Your task. For the material below, return exactly the lines starting at the one holding "Lemma ex_cdiff_quadratic_remainder (f" and ending at the one holding "set (h := (y", counting both as part of the range.

Data extracts.

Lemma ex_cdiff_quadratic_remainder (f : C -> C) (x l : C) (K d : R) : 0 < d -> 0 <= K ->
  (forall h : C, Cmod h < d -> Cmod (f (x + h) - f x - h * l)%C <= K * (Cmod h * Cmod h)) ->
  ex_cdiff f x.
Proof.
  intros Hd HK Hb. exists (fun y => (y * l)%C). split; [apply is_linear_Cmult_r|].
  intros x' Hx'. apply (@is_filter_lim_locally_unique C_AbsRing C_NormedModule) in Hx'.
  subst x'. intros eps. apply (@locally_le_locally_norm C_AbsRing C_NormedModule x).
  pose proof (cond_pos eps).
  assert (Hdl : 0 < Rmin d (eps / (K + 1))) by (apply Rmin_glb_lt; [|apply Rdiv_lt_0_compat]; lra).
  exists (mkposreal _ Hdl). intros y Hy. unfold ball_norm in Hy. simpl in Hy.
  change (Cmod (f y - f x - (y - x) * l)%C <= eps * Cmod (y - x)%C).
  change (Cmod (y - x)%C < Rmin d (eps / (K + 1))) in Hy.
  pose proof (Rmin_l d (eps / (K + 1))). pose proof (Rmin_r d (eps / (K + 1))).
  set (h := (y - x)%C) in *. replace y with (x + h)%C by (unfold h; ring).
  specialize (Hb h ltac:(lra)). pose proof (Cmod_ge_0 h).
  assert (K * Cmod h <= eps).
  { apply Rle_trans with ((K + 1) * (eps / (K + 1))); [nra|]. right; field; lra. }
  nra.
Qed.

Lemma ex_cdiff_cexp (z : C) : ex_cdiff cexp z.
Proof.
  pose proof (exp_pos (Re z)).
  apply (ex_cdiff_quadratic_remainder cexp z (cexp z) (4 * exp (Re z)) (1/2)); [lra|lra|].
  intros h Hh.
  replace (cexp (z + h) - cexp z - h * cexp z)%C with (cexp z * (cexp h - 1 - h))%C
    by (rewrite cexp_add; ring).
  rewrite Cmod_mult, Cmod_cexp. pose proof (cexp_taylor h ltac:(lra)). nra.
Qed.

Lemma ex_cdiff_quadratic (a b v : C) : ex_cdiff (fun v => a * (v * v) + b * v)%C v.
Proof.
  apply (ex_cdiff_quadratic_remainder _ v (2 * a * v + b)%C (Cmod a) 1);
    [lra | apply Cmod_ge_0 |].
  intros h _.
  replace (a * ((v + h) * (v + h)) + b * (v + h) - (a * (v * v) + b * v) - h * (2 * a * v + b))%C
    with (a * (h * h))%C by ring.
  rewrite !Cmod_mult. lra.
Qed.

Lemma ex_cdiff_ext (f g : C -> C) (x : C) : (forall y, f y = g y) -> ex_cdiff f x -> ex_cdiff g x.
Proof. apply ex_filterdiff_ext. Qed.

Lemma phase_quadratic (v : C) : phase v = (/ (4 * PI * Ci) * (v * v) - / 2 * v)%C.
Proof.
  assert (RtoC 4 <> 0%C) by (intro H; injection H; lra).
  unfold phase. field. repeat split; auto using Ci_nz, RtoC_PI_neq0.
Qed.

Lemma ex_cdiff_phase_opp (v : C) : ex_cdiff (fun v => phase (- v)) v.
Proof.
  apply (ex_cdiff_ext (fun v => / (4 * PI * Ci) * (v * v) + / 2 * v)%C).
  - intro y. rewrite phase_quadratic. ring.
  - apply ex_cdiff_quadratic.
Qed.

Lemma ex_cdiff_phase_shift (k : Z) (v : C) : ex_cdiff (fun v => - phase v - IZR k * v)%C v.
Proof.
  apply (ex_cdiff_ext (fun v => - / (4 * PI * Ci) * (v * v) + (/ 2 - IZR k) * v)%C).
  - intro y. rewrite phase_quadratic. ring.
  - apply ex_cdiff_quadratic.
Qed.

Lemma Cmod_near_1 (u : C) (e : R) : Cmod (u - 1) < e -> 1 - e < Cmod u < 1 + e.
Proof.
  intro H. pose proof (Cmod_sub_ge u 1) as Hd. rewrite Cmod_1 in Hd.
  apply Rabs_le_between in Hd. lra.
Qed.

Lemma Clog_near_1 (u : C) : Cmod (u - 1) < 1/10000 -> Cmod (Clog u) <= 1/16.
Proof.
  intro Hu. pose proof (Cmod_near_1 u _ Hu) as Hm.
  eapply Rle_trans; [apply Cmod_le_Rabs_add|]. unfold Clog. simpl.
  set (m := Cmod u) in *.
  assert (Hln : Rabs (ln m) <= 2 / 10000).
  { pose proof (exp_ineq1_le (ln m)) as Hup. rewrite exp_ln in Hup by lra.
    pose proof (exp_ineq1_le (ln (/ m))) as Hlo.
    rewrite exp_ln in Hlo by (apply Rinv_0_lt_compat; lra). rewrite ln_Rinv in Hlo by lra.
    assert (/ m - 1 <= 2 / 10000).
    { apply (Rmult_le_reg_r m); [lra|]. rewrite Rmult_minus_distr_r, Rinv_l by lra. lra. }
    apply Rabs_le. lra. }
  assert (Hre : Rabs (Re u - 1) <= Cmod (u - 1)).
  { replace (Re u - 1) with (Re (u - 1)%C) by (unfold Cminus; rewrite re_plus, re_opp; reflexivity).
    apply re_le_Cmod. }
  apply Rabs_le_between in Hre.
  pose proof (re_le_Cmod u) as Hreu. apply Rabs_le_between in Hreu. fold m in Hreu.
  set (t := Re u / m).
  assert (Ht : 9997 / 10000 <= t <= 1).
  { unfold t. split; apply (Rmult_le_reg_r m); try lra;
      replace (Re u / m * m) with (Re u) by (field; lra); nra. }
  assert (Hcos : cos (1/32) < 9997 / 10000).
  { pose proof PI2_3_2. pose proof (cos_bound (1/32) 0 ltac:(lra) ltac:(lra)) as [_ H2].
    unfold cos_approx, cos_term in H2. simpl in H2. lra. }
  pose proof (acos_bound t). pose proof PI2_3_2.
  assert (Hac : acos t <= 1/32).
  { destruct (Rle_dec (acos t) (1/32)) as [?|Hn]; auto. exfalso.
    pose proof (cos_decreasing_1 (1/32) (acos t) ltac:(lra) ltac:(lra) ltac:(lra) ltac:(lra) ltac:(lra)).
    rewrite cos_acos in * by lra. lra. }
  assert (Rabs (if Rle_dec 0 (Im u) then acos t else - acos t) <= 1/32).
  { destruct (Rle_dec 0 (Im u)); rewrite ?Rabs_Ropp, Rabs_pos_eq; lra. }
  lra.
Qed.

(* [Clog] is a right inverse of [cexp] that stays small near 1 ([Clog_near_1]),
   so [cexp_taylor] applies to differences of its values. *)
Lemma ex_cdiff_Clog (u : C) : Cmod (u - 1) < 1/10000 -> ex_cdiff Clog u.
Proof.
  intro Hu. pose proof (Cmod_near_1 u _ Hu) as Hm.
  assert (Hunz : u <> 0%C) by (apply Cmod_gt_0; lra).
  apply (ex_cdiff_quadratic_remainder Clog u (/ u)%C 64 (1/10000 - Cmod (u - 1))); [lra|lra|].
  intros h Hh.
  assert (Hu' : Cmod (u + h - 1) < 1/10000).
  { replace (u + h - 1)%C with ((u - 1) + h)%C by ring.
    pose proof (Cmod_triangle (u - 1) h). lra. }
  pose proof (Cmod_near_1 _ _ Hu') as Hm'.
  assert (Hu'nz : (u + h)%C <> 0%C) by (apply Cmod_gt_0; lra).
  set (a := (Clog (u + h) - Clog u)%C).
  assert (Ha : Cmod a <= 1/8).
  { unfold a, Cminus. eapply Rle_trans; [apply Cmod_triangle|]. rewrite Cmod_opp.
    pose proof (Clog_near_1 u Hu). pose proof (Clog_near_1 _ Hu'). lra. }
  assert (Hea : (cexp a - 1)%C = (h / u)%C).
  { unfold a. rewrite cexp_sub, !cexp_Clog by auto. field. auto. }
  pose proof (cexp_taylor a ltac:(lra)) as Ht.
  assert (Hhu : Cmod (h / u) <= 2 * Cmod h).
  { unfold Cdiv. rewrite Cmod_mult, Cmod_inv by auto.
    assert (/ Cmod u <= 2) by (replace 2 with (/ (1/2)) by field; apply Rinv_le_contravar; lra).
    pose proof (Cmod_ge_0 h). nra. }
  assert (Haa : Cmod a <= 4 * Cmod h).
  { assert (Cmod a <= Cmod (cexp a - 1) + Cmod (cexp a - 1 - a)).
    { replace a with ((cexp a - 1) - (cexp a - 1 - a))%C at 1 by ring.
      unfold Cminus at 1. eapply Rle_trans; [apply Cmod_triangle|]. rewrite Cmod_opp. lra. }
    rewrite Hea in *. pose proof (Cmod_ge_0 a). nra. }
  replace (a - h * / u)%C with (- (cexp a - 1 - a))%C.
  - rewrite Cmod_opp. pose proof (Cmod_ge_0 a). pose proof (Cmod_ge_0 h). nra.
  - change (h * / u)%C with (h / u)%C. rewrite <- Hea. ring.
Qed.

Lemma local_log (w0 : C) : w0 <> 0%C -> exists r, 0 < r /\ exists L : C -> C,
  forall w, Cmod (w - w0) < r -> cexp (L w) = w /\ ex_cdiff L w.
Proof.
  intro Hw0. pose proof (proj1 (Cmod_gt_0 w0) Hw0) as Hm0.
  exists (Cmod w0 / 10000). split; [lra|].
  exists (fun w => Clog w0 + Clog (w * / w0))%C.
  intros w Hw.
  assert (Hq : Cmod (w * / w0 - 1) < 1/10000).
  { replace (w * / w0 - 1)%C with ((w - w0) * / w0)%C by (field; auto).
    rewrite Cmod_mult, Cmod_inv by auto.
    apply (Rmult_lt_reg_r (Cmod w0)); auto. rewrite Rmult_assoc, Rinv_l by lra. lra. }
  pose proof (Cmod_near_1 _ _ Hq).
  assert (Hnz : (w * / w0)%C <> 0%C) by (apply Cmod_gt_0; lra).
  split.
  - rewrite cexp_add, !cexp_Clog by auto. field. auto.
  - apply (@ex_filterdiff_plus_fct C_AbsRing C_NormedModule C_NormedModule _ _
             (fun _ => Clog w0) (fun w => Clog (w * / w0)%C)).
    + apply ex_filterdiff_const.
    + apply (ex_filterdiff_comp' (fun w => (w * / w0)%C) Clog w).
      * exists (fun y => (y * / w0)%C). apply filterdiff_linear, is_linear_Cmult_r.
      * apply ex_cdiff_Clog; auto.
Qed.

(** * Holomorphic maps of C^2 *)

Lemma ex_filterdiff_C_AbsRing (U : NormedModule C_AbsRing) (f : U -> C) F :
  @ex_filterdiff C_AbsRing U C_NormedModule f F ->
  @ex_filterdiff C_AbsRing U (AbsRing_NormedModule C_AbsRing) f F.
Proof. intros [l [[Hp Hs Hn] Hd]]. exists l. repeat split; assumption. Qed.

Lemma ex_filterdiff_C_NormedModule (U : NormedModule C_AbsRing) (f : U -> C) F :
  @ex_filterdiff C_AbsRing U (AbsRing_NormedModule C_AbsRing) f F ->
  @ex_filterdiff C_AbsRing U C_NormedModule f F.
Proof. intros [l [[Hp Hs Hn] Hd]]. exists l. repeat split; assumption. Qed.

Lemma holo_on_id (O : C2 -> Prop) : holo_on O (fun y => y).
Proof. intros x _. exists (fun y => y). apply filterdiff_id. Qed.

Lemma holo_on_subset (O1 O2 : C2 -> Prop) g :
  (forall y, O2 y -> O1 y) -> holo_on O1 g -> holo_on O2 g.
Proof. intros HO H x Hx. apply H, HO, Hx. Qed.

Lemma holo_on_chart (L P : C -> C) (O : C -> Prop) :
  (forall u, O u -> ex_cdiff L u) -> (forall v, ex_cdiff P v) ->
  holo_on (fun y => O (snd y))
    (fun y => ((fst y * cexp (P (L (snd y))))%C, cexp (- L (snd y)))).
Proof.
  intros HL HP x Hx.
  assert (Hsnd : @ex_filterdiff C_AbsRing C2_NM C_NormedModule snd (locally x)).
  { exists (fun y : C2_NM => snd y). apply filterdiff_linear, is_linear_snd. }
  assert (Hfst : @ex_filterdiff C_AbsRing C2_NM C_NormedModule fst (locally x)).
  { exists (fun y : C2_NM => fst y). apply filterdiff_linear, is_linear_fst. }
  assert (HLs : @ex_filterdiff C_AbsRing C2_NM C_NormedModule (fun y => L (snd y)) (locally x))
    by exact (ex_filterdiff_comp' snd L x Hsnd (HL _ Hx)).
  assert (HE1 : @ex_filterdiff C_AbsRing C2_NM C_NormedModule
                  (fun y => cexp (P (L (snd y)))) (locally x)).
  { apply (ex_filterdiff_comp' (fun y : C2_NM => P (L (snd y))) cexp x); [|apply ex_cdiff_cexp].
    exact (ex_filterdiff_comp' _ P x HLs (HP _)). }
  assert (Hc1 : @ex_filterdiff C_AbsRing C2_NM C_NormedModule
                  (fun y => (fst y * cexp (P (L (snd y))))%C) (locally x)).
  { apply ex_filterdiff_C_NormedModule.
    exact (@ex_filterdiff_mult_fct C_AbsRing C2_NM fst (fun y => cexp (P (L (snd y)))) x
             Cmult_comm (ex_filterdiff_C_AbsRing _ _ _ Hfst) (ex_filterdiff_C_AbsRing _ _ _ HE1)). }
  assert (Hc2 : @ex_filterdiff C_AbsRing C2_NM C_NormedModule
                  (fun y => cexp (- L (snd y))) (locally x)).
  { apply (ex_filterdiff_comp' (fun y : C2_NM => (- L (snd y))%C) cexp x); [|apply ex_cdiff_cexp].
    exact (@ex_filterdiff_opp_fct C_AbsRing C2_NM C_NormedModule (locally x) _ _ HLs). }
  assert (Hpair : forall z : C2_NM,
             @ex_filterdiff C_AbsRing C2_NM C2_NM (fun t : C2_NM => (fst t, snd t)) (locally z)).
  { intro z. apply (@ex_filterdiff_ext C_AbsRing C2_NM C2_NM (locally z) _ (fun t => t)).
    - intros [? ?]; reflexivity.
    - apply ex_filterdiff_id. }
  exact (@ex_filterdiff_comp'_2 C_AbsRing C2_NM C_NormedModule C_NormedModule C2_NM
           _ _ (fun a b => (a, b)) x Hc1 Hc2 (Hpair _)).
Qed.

--

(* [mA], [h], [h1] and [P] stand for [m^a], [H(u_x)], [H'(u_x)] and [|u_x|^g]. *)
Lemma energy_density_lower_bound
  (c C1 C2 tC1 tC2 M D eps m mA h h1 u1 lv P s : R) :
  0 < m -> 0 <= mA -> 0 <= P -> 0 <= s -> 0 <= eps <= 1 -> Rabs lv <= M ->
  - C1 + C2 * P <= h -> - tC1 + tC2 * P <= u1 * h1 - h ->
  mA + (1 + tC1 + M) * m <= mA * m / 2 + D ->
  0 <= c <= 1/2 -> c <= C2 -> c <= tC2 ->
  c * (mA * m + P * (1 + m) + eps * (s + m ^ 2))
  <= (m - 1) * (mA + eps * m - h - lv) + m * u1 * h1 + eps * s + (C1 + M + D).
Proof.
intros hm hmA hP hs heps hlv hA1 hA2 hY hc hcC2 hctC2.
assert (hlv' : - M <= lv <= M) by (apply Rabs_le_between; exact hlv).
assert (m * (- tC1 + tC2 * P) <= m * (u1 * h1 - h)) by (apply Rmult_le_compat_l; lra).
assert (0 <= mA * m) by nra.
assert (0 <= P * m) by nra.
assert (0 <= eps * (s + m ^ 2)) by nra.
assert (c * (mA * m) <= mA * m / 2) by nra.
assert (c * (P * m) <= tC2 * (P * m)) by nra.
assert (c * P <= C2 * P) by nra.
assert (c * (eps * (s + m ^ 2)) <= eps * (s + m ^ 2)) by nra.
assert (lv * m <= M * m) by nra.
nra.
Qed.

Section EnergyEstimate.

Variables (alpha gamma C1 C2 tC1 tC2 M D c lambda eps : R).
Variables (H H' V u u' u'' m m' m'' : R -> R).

Response.
Lemma ex_cdiff_quadratic_remainder (f : C -> C) (x l : C) (K d : R) : 0 < d -> 0 <= K ->
  (forall h : C, Cmod h < d -> Cmod (f (x + h) - f x - h * l)%C <= K * (Cmod h * Cmod h)) ->
  ex_cdiff f x.
Proof.
  intros Hd HK Hb. exists (fun y => (y * l)%C). split; [apply is_linear_Cmult_r|].
  intros x' Hx'. apply (@is_filter_lim_locally_unique C_AbsRing C_NormedModule) in Hx'.
  subst x'. intros eps. apply (@locally_le_locally_norm C_AbsRing C_NormedModule x).
  pose proof (cond_pos eps).
  assert (Hdl : 0 < Rmin d (eps / (K + 1))) by (apply Rmin_glb_lt; [|apply Rdiv_lt_0_compat]; lra).
  exists (mkposreal _ Hdl). intros y Hy. unfold ball_norm in Hy. simpl in Hy.
  change (Cmod (f y - f x - (y - x) * l)%C <= eps * Cmod (y - x)%C).
  change (Cmod (y - x)%C < Rmin d (eps / (K + 1))) in Hy.
  pose proof (Rmin_l d (eps / (K + 1))). pose proof (Rmin_r d (eps / (K + 1))).
  set (h := (y - x)%C) in *. replace y with (x + h)%C by (unfold h; ring).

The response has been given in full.